But his insidious strategies are not limited only to the lure and captivity of sin. He also is a relentless “accuser of the brethren” who works with might and main to keep those who confess their sin imprisoned in guilt and shame. (Revelation 12:10)

Over half of our congregation this past Sunday said they were still battling guilt and shame for a sin they had confessed and been forgiven. That is a disquieting yet not surprising fact as well. All of us at one time or other has those same struggles and we are not alone. (For more on this see “Dealing with the Stain of Sin”)

Adversity – don’t be surprised!

“For a wide door for effective work has opened to me, and there are many adversaries.” 1 Corinthians 16:9 (ESV)

Adversity is a fact of life, even in the best of times. I love this verse penned by the Apostle Paul when he was in Ephesus, because it encourages us to keep things in perspective. Just when things seem perfect the phone rings, it starts to rain, something breaks, someone is disgruntled or you have a health scare. Open doors of blessing are often accompanied by adversity. But in spite of the opposition Paul ran into there in Ephesus, he was unshaken in his resolve, made the most of his opportunity, actually stayed there two years and planted arguably the greatest church in all of his journeys.

The Apostle Peter who had the amazing opportunity of living with and observing Jesus’ handling of adversity wrote “since Christ suffered physical pain, you must arm yourselves with the same attitude he had and be ready to suffer.” (1 Peter 4:1) Dealing successfully with adversity, especially when it seems to come at the most inopportune times, requires having an attitude or mindset that is always prepared to overcome it. Jesus himself said “in this world you will have trouble. But take heart! I have overcome the world.” (John 16:33 NIV)

That kind of overcoming attitude is absolutely essential if we are going to navigate the winds and waves of life. And no where have I learned that more graphically than as a neophyte sailor.
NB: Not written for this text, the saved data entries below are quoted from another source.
(* Let $\mathcal{X}$ be a probability distribution over a set of queries (the set is also denoted $\mathcal{X}$), let $k \geq 1$, and let $\hat q_1,\dots,\hat q_k,\hat c_1,\dots,\hat c_k : \mathcal{X} \to \mathbb{R}$ be integrable functions (quality and cost estimates of $k$ models). Let $B \in \mathbb{R}$ and assume there is at least one routing strategy $s$ with $C(s) \leqslant B$. Assume moreover that the set $\Lambda$ is finite. Then: (i) if some routing strategy $s \in S_0$ satisfies $C(s) \leqslant B$, then $s$ maximizes $Q$ over all routing strategies $s'$ with $C(s') \leqslant B$; (ii) otherwise, there exists $\lambda^* \in \mathbb{R}^+$ such that $S_{\lambda^*}$ contains a routing strategy with cost exactly $B$, and every routing strategy $s \in \bigcup_{\lambda \in \mathbb{R}^+} S_\lambda$ with $C(s) = B$ maximizes $Q$ over all routing strategies $s'$ with $C(s') \leqslant B$ (in particular all such strategies achieve the same optimal quality).
   Context: A routing strategy is a measurable function $s : \mathcal{X} \to \mathbb{R}^k$ with $s_i(x) \geq 0$ for all $i$ and $\sum_{i=1}^k s_i(x) = 1$ for all $x \in \mathcal{X}$ ($s_i(x)$ is the probability of sending query $x$ to model $i$). Its expected quality is $Q(s) = \mathbb{E}_{x \sim \mathcal{X}}\left[\sum_{i=1}^k s_i(x)\hat q_i(x)\right]$ and its expected cost is $C(s) = \mathbb{E}_{x \sim \mathcal{X}}\left[\sum_{i=1}^k s_i(x)\hat c_i(x)\right]$. For $\lambda \in \mathbb{R}^+$ (nonnegative reals), $S_\lambda$ denotes the set of routing strategies $s$ such that for all $x \in \mathcal{X}$ and all $i \in \{1,\dots,k\}$: if $\hat q_i(x) - \lambda \hat c_i(x) < \max_j \left(\hat q_j(x) - \lambda \hat c_j(x)\right)$ then $s_i(x) = 0$. $\Lambda$ denotes the set of $\lambda \in \mathbb{R}$ for which there exist $x \in \mathcal{X}$ and $i \neq j$ with $\hat q_i(x) - \lambda \hat c_i(x) = \hat q_j(x) - \lambda \hat c_j(x)$. *)

From HB Require Import structures.
From mathcomp Require Import all_boot all_order all_algebra.
From mathcomp Require Import all_classical all_reals all_analysis.
Set Implicit Arguments. Unset Strict Implicit. Unset Printing Implicit Defensive.
Import Order.TTheory GRing.Theory Num.Theory.
Local Open Scope classical_set_scope.
Local Open Scope ring_scope.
Less than a month ago I was in the Caribbean on a sailboat. My cousin and I rented a thirty-two foot boat for eight days and set off for the bucket list adventure that even Jack Sparrow would envy. Our dream was to spend sun-kissed days sailing and snorkeling while exploring the history rich British Virgin Islands. Columbus discovered them on his second voyage in 1493 and they are where all the infamous pirates roamed and raided ships for centuries in the Sir Francis Drake Channel.

It did not take me long to realize however, that even though I was on vacation I had better not lay aside my overcoming attitude because being in paradise does not necessarily guarantee paradise being in you. Navigating a sailboat in unfamiliar waters, six foot rollers and steady 15-20 knot winds has a way of bringing that reality home very quickly, especially for an inland water sailor. In spite of wide open seas there are still pirates of adversity lurking there to despoil even the most virtuous sailor of his dream vacation.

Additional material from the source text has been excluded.